Among various polymorphisms of the 5-HTR2A gene, the T102C variant is the most studied. The C allele decreases receptor expression and receptor binding potentials [111, 112]. A study by Lane et al. showed that patients with the C/C genotype respond better to risperidone treatment (especially for negative symptoms of schizophrenia) [113]. Likewise, a significantly better response to olanzapine treatment was observed in patients with positive symptoms of schizophrenia and the C/C genotype [114]. In contrast, another study identified that the C allele is associated with less effective ARI treatment on negative symptoms of schizophrenia [115]. Another polymorphism, C1354T, is a missense variant of the 5-HTR2A gene resulting in an amino acid substitution at position 452 (Hys452Tyr, histidine to tyrosine). This polymorphism may alter the tertiary structure of the protein and thus may disrupt the function of the receptor. The homozygous (His/His) respond better to olanzapine treatment, this association was noticed in terms of positive symptoms [114].

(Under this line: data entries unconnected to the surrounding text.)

(* Let $\mathcal S$ be a finite collection of subsets of $[d]$ satisfying the merged-staircase property, i.e. its elements can be ordered $S_1,\dots,S_r$ so that $|S_i\setminus\bigcup_{j<i}S_j|\le1$ for every $i$. Draw $\{\alpha_S\}_{S\in\mathcal S}$ from any probability measure on $\mathbb R^{|\mathcal S|}$ absolutely continuous with respect to Lebesgue measure, and let $f^*=\sum_{S\in\mathcal S}\alpha_S\chi_S$. Then $f^*$ satisfies the stable merged-staircase property almost surely.
   Context: $\chi_S(\mathbf x)=\prod_{j\in S}x_j$ on $\{\pm1\}^d$. Every $f:\{\pm1\}^m\to\mathbb R$ has a unique expansion $f=\sum_S\beta_S\chi_S$; $f$ satisfies MSP if the sets $S$ with $\beta_S\ne0$ can be ordered $S_1,\dots,S_r$ with $|S_i\setminus\bigcup_{j<i}S_j|\le1$ for all $i$. A cell is $C=\{\mathbf x\in\{\pm1\}^d:x_j=z_j,\ j\in J(C)\}$; the restriction $f^*|_C$ is viewed as a function of the free coordinates $x_j$, $j\notin J(C)$. $f^*$ satisfies the stable merged-staircase property (SMSP) if $f^*|_C$ satisfies MSP for every cell $C$. *)

From HB Require Import structures.
From mathcomp Require Import all_boot all_order all_algebra.
From mathcomp Require Import all_classical all_reals all_analysis.
Set Implicit Arguments. Unset Strict Implicit. Unset Printing Implicit Defensive.
Import Order.TTheory GRing.Theory Num.Theory.
Local Open Scope classical_set_scope.
Local Open Scope ring_scope.

Section Boolean.
Variable R : realType.
Variable I : finType.

(* a point of {+-1}^I is encoded as x : {ffun I -> bool}; coordinate value
   x_j = -1 if x j = true and +1 otherwise *)
Definition pm1 (b : bool) : R := if b then -1 else 1.

Definition chi (S : {set I}) (x : {ffun I -> bool}) : R :=
  \prod_(j in S) pm1 (x j).

Definition msp_family (F : {set {set I}}) : Prop :=
  exists s : seq {set I}, [/\ uniq s, s =i F &
    forall i, (i < size s)%N ->
      (#| nth finset.set0 s i :\: \big[@finset.setU _/finset.set0]_(T <- take i s) T | <= 1)%N].

Definition MSP (f : {ffun I -> bool} -> R) : Prop :=
  exists beta : {set I} -> R,
    (forall x, f x = \sum_(S : {set I}) beta S * chi S x) /\
    msp_family [set S | beta S != 0].
End Boolean.

(* restriction of f : {+-1}^d -> R to the cell {x | x_j = z_j, j in J},
   as a function of the free coordinates j \notin J *)
Definition restrict (R : realType) (d : nat) (f : {ffun 'I_d -> bool} -> R)
    (J : {set 'I_d}) (z : {ffun 'I_d -> bool})
    (x : {ffun {j : 'I_d | j \notin J} -> bool}) : R :=
  f [ffun j => match insub j with Some k => x k | None => z j end].

Definition SMSP (R : realType) (d : nat) (f : {ffun 'I_d -> bool} -> R) : Prop :=
  forall (J : {set 'I_d}) (z : {ffun 'I_d -> bool}), MSP (@restrict R d f J z).

(* f* = sum_{S in SS} alpha_S chi_S, the coefficients being listed in a tuple
   indexed by 'I_#|SS| through the enumeration of SS *)
Definition fstar (R : realType) (d : nat) (SS : {set {set 'I_d}})
    (a : #|SS|.-tuple R) (x : {ffun 'I_d -> bool}) : R :=
  \sum_(i < #|SS|) tnth a i * chi R (@enum_val _ (mem SS) i) x.

(* closed box in R^n and Lebesgue-null sets of R^n (outer measure zero:
   coverable by countably many boxes of arbitrarily small total volume) *)
Definition box (R : realType) (n : nat) (lo hi : n.-tuple R) : set (n.-tuple R) :=
  [set x | forall i, tnth lo i <= tnth x i <= tnth hi i].

Definition lebesgue_null (R : realType) (n : nat) (A : set (n.-tuple R)) : Prop :=
  forall e : R, 0 < e -> exists lo hi : nat -> n.-tuple R,
    [/\ forall k i, tnth (lo k) i <= tnth (hi k) i,
        A `<=` \bigcup_k box (lo k) (hi k) &
        (\sum_(0 <= k <oo) (\prod_(i < n) (tnth (hi k) i - tnth (lo k) i))%:E
           <= e%:E)%E].

Definition abs_cont_lebesgue (R : realType) (n : nat)
    (P : probability (n.-tuple R) R) : Prop :=
  forall A : set (n.-tuple R), measurable A -> lebesgue_null A -> P A = 0%E.

From Pilot Require Import Defs.
From HB Require Import structures.
From mathcomp Require Import all_boot all_order all_algebra.
From mathcomp Require Import all_classical all_reals all_analysis.
From mathcomp Require Import measurable_realfun.
From mathcomp Require Import ring lra.
Import Order.TTheory GRing.Theory Num.Theory.
Set Implicit Arguments. Unset Strict Implicit. Unset Printing Implicit Defensive.
Local Open Scope ring_scope.

(* Call a coefficient vector a sign-generic if no nontrivial signed subsum
   sum_i e_i a_i with e in {-1,0,1}^n vanishes.  Restricting chi_S to a cell
   with fixed coordinates J gives +-chi_(S \ J), so the coefficient of chi_T in
   the restriction of f* is a signed sum of the a_S over the S with S \ J = T;
   for sign-generic a it vanishes exactly when no S in SS has trace T.  The
   traces of a merged staircase, kept in the same order without repetitions,
   again form a merged staircase.  Finally the non-generic vectors lie in
   finitely many hyperplanes, and the bounded part of a hyperplane is covered
   by N^(n-1) grid boxes of total volume O(1/N), so hyperplanes are
   Lebesgue-null and hence P-negligible. *)

Section Staircase.
Variable X : finType.

Definition staircase (s : seq {set X}) : Prop :=
  forall i, (i < size s)%N ->
    (#|nth finset.set0 s i :\: (\bigcup_(T <- take i s) T)%SET| <= 1)%N.

Lemma staircase_rcons s S :
  staircase (rcons s S) <->
  staircase s /\ (#|S :\: (\bigcup_(T <- s) T)%SET| <= 1)%N.
Proof.
have nth_take_rcons i : (i < size s)%N ->
    nth finset.set0 (rcons s S) i = nth finset.set0 s i /\
    take i (rcons s S) = take i s.
  by move=> lt; rewrite -cats1 nth_cat take_cat lt.
have [nth_last take_last] : nth finset.set0 (rcons s S) (size s) = S /\
    take (size s) (rcons s S) = s.
  by rewrite nth_rcons ltnn eqxx -cats1 take_size_cat.
rewrite /staircase size_rcons; split.
  move=> st; split; last by have := st _ (ltnSn _); rewrite nth_last take_last.
  move=> i lt; have [<- <-] := nth_take_rcons i lt.
  by apply: st; rewrite ltnS ltnW.
move=> [st last_le] i; rewrite ltnS leq_eqVlt => /orP[/eqP ->|lt].
  by rewrite nth_last take_last.
by have [-> ->] := nth_take_rcons i lt; apply: st.
Qed.

(* [undup] keeps last occurrences; reversing twice keeps the first ones. *)
Lemma staircase_undup_first s : staircase s -> staircase (rev (undup (rev s))).
Proof.
elim/last_ind: s => [//|s S IHs] /staircase_rcons[st S_le].
rewrite rev_rcons /=; case: ifP => [_|_]; first exact: IHs.
rewrite rev_cons; apply/staircase_rcons; split; first exact: IHs.
rewrite (eq_big_idem _ _ (@finset.setUid X) (r2 := s)) // => T.
by rewrite mem_rev mem_undup mem_rev.
Qed.

End Staircase.

Lemma msp_familyE (X : finType) (F : {set {set X}}) :
  msp_family F <-> exists s, [/\ uniq s, s =i F & staircase s].
Proof. by []. Qed.

Section Preimage.
Variables (X Y : finType) (f : Y -> X).
Hypothesis f_inj : injective f.

Lemma card_preimset_le (A : {set X}) : (#|f @^-1: A| <= #|A|)%N.
Proof.
rewrite -(card_imset _ f_inj); apply: subset_leq_card.
by apply/fintype.subsetP => x /imsetP[y]; rewrite inE => Ay ->.
Qed.

Lemma staircase_preimset (s : seq {set X}) :
  staircase s -> staircase [seq f @^-1: A | A : {set X} <- s].
Proof.
move=> st i; rewrite size_map => lt.
rewrite (nth_map finset.set0) // -map_take big_map.
rewrite -(big_morph (fun A : {set X} => f @^-1: A) (preimsetU f) (preimset0 f)).
by rewrite -preimsetD (leq_trans (card_preimset_le _)) ?st.
Qed.

Lemma msp_family_preimset (F : {set {set X}}) :
  msp_family F -> msp_family [set f @^-1: (A : {set X}) | A in F].
Proof.
case/msp_familyE=> s [_ sF st]; apply/msp_familyE.
exists (rev (undup (rev [seq f @^-1: A | A : {set X} <- s]))); split.
- by rewrite rev_uniq undup_uniq.
- move=> T; rewrite mem_rev mem_undup mem_rev.
  by apply/mapP/imsetP => -[S SF ->]; exists S; rewrite ?sF // -sF.
- exact/staircase_undup_first/staircase_preimset.
Qed.

End Preimage.

Section Characters.
Variables (R : realType) (I : finType).

Lemma pm1_addb b c : pm1 R (b (+) c) = pm1 R b * pm1 R c.
Proof. by case: b; case: c; rewrite /= ?mulN1r ?mul1r ?opprK. Qed.

Lemma chi_parity (S : {set I}) x :
  chi R S x = pm1 R (\big[addb/false]_(j in S) x j).
Proof. by rewrite (big_morph (pm1 R) pm1_addb (erefl (pm1 R false))). Qed.

Definition opm1 (o : option bool) : R := oapp (pm1 R) 0 o.

Definition sign_generic n (a : n.-tuple R) : Prop :=
  forall s : {ffun 'I_n -> option bool}, s != [ffun => None] ->
    \sum_i opm1 (s i) * tnth a i != 0.

End Characters.

Section Restriction.
Variables (R : realType) (d : nat) (J : {set 'I_d}) (z : {ffun 'I_d -> bool}).
Local Notation free := {j : 'I_d | j \notin J}.

Lemma restrict_chi (S : {set 'I_d}) x :
  @Defs.restrict R d (chi R S) J z x = chi R (S :&: J) z * chi R (val @^-1: S) x.
Proof.
rewrite /Defs.restrict /chi (bigID (mem J)) /=; congr (_ * _).
  apply: eq_big => [j|j /andP[_ jJ]]; first by rewrite finset.in_setI.
  by rewrite ffunE insubF ?jJ.
rewrite (eq_bigl (fun j => (j \in [pred j | j \notin J]) && (j \in S)));
  last by move=> j; rewrite andbC.
rewrite big_sub_cond; apply: eq_big => [j|j _]; first by rewrite inE.
by rewrite ffunE valK.
Qed.

Variables (SS : {set {set 'I_d}}) (a : #|SS|.-tuple R).
Local Notation E i := (@enum_val _ (mem SS) i).

Definition restrict_coef (T : {set free}) : R :=
  \sum_(i < #|SS| | val @^-1: E i == T) tnth a i * chi R (E i :&: J) z.

Lemma restrict_fstarE x :
  @Defs.restrict R d (fstar a) J z x = \sum_T restrict_coef T * chi R T x.
Proof.
rewrite {1}/Defs.restrict /fstar.
under eq_bigr do rewrite -/(Defs.restrict _ _ _) restrict_chi mulrA.
rewrite (partition_big (fun i => val @^-1: E i : {set free}) predT) //=.
by apply: eq_bigr => T _; rewrite mulr_suml; apply: eq_bigr => i /eqP ->.
Qed.

Lemma restrict_coef_neq0 : sign_generic a -> forall T,
  (restrict_coef T != 0) = (T \in [set val @^-1: (A : {set 'I_d}) | A in SS]).
Proof.
move=> gen T; apply/idP/idP => [coefT|/imsetP[A AS ->]].
  apply: contraNT coefT => noT; apply/eqP/big1 => i /eqP Ei.
  by case/negP: noT; rewrite -Ei imset_f // enum_valP.
pose s := [ffun i => if val @^-1: E i == val @^-1: A :> {set free}
  then Some (\big[addb/false]_(j in E i :&: J) z j) else None].
have /gen : s != [ffun => None].
  apply/eqP => /ffunP /(_ (enum_rank_in AS A)).
  by rewrite !ffunE enum_rankK_in // eqxx.
apply: contraNN => /eqP coef0; apply/eqP; rewrite -[RHS]coef0.
rewrite /restrict_coef [RHS]big_mkcond; apply: eq_bigr => i _; rewrite ffunE.
by case: ifP => _; rewrite /= ?mul0r // chi_parity mulrC.
Qed.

The − 1019C/G polymorphism in the promoter region of the 5HTR1A gene increases its expression level both in animal models and humans. Individuals with G/G genotype have increased density of 5-HT1A receptor density in presynaptic raphe neurons [116]. In patients with the C/C genotype olanzapine or perospirone more effectively improved the cognitive deficit of schizophrenia (attention) than in patients having G/C and G/G genotypes [116]. Previous studies showed that the response to treatment with various antipsychotics was limited when the G allele was present, possibly due to the increased receptor density, which may result in the lower efficacy of antipsychotic drugs [117, 118].

Gene polymorphisms and metabolic side effects

Generally, ARI is well tolerated and not associated with significant EPS or raised prolactin concentrations. However, in some patients, it can cause side effects, such as increased blood glucose or cholesterol levels. Typically, ARI leads to low prolactin elevation, but in less than 5% of patients can sometimes cause hyperprolactinemia [119]. A recent study performed on healthy volunteers revealed that polymorphisms in specific genes can affect the levels of prolactin, C-peptide, insulin, and cholesterol [120]. Table 3 presents the relationship between metabolic parameters and gene polymorphisms identified after 5 days of ARI administration.

Table 3 Metabolic effects of aripiprazole in healthy volunteers

Conclusions

In this review, we discuss the possible association between gene polymorphisms and ARI response. Although the FDA and DPWG recommended dosage adjustments for patients who are CYP2D6 poor metabolizers, it seems that other genetic variations are also related to pharmacokinetic, pharmacodynamics, and side effects of the drug. The specific genetic profile of a patient can determine the effectiveness and tolerability of ARI. We believe that more targeted pharmacogenetics testing prior to prescribing ARI will provide the opportunity for personalized medicine to treat schizophrenia, thereby improving clinical outcomes and patient satisfaction. However, extensive pharmacogenetic studies are needed to assess the relevance of specific gene polymorphisms in response to the drug, which will be included in future diagnostic panels.